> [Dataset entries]
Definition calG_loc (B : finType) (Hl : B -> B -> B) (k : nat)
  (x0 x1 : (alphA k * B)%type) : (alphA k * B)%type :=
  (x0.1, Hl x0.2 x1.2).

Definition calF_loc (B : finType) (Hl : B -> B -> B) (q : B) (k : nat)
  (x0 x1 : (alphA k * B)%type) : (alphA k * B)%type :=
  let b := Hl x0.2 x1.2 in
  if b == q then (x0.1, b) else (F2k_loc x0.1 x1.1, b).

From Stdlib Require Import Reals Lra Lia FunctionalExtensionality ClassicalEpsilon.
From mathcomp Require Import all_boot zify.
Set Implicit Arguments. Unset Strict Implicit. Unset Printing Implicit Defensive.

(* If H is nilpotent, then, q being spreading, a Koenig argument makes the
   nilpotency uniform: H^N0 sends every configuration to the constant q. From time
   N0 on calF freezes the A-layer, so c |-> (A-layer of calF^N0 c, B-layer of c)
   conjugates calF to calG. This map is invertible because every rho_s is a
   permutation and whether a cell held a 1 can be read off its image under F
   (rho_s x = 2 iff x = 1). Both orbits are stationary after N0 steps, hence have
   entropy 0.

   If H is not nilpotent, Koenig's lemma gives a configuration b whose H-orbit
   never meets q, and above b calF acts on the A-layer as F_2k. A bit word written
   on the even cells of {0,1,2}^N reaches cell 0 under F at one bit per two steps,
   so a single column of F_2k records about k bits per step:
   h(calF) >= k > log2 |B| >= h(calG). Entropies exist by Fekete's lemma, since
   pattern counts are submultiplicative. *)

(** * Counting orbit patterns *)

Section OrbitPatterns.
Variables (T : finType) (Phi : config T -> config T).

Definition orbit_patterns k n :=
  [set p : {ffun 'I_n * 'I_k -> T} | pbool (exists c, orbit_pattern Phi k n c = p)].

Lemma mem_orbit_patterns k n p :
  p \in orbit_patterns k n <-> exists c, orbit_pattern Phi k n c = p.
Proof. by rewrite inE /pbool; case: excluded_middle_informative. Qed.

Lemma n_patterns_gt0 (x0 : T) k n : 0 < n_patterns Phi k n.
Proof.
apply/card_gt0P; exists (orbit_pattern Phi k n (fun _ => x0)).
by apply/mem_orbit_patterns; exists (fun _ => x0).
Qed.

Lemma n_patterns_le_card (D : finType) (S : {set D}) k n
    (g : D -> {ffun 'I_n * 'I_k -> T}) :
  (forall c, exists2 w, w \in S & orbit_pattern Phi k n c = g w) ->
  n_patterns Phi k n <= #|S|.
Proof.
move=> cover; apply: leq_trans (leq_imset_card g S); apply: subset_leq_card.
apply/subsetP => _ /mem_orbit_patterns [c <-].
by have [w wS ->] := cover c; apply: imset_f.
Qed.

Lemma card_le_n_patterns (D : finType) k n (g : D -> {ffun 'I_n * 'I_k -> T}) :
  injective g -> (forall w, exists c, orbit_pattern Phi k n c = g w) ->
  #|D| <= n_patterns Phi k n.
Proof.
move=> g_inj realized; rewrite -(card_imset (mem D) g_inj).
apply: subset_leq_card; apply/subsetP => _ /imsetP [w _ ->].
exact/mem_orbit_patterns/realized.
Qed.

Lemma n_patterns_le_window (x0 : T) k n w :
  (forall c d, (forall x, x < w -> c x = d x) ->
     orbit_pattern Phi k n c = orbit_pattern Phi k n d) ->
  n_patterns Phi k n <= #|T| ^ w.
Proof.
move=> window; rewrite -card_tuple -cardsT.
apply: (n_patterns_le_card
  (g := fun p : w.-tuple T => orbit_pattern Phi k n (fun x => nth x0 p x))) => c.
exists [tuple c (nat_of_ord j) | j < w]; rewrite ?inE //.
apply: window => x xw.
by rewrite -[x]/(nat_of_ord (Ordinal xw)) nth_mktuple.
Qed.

> [What this task involves]
Copy exactly the line that contains "apply: window => x xw." and every line after it, up to and including the last line of the records.

> [Output for this exercise]
apply: window => x xw.
by rewrite -[x]/(nat_of_ord (Ordinal xw)) nth_mktuple.
Qed.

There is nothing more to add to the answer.